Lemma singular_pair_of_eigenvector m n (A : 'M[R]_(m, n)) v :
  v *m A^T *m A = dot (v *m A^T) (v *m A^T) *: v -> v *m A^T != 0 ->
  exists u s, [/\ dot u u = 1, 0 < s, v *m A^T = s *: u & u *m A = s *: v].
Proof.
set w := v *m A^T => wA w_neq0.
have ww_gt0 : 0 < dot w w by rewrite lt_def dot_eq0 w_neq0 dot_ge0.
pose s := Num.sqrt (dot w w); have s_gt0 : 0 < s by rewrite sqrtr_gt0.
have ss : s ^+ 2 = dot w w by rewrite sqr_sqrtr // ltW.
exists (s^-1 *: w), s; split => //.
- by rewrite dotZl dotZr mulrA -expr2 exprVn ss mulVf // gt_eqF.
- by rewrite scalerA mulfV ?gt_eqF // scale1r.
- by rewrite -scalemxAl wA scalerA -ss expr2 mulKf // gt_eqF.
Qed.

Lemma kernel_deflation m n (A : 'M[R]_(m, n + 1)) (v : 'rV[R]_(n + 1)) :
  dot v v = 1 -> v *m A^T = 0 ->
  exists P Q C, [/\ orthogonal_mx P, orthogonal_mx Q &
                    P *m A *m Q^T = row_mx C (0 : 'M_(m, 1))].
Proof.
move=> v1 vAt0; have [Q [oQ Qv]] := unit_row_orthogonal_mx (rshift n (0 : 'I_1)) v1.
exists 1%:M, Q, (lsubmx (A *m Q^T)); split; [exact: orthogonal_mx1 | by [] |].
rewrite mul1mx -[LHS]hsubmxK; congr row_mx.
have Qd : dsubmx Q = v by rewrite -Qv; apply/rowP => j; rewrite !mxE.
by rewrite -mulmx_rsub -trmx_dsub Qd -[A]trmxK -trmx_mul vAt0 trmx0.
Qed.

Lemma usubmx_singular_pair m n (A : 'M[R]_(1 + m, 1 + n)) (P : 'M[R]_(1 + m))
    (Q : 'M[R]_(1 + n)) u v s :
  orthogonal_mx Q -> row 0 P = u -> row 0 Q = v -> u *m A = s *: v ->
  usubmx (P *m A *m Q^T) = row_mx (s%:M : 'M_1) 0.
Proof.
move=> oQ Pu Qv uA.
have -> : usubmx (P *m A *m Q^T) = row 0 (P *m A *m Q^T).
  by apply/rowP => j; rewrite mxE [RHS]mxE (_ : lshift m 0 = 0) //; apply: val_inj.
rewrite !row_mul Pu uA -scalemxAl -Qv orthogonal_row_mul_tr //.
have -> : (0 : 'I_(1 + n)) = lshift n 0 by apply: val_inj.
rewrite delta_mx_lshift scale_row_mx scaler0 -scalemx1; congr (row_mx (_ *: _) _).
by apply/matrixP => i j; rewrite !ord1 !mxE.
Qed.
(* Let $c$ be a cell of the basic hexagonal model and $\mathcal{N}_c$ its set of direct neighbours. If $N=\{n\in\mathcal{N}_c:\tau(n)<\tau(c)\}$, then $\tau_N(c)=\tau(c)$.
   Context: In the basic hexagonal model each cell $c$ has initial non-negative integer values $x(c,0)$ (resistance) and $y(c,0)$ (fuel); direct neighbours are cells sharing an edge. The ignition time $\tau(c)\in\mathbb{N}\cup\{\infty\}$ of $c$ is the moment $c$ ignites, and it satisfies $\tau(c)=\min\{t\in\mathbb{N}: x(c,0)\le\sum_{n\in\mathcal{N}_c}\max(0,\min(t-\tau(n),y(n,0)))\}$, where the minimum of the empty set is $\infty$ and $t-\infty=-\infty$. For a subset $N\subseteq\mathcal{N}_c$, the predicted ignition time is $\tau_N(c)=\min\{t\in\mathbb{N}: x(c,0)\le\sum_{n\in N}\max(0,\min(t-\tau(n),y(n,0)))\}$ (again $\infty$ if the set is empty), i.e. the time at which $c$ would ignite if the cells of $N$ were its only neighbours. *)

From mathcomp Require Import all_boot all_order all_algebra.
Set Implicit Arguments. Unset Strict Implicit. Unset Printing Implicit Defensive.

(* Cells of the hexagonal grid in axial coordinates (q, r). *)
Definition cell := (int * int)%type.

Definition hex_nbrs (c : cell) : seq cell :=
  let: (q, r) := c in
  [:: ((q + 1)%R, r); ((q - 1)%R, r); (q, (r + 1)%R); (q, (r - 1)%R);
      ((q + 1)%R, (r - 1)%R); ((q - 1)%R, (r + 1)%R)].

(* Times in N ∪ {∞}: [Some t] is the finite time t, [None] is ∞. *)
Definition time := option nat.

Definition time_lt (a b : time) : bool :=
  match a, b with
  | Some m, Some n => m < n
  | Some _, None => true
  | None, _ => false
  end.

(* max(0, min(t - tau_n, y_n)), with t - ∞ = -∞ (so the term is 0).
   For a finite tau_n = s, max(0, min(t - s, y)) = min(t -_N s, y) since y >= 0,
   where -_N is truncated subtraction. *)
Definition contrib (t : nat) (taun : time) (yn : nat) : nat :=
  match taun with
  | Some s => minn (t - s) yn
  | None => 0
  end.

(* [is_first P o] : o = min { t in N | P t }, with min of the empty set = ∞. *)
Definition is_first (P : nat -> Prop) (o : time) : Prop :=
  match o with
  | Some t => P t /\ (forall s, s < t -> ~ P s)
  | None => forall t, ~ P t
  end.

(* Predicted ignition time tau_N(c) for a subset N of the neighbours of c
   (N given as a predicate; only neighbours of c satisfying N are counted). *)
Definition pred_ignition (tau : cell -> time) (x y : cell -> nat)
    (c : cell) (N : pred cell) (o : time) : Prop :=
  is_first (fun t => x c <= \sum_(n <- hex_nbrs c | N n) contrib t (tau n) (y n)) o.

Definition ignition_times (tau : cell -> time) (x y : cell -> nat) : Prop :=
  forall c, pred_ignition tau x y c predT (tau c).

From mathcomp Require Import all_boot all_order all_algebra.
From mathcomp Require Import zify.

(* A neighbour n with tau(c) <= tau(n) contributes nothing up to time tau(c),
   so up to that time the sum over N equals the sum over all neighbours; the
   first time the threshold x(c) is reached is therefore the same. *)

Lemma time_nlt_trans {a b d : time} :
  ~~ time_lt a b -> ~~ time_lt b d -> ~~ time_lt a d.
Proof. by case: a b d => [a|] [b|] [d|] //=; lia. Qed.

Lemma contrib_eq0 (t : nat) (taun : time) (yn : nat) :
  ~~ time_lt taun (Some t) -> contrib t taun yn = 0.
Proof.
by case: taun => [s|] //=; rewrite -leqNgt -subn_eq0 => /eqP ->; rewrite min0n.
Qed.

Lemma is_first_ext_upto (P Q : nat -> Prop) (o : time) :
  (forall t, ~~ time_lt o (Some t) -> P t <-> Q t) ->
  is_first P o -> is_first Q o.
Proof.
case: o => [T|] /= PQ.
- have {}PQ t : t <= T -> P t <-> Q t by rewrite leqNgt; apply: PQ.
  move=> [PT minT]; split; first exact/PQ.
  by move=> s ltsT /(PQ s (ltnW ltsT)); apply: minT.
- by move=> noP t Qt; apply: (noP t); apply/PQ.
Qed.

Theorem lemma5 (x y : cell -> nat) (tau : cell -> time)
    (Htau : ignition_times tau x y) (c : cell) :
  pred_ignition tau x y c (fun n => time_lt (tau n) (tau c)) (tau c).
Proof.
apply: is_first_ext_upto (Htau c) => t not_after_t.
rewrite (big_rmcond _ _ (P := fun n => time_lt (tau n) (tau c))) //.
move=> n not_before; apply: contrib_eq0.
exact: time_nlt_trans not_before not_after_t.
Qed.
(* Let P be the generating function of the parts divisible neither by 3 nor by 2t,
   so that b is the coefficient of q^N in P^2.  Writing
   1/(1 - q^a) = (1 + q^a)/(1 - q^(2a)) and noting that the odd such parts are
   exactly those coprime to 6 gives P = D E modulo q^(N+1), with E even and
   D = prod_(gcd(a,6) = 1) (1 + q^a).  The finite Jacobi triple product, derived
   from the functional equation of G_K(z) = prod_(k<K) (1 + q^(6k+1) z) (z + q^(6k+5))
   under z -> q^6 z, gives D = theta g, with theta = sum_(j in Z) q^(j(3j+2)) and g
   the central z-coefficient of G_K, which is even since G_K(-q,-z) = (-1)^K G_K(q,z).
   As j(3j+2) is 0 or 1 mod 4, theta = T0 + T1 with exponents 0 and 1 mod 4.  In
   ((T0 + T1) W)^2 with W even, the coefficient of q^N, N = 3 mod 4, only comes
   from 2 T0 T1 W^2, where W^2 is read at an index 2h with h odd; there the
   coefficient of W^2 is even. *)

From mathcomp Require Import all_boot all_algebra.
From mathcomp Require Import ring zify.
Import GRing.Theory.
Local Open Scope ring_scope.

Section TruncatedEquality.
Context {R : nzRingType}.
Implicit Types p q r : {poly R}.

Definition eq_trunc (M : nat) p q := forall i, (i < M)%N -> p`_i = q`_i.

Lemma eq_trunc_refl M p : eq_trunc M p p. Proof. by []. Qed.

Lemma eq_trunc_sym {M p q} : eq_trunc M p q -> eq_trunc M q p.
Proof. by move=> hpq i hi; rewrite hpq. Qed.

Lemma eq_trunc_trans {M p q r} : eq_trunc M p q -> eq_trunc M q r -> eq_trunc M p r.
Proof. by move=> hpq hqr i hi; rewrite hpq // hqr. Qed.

▸ **Problem**: Identify the lines above that contain the word "exists", then copy them.

▸ **Output for this exercise**:
  exists u s, [/\ dot u u = 1, 0 < s, v *m A^T = s *: u & u *m A = s *: v].
exists (s^-1 *: w), s; split => //.
  exists P Q C, [/\ orthogonal_mx P, orthogonal_mx Q &
exists 1%:M, Q, (lsubmx (A *m Q^T)); split; [exact: orthogonal_mx1 | by [] |].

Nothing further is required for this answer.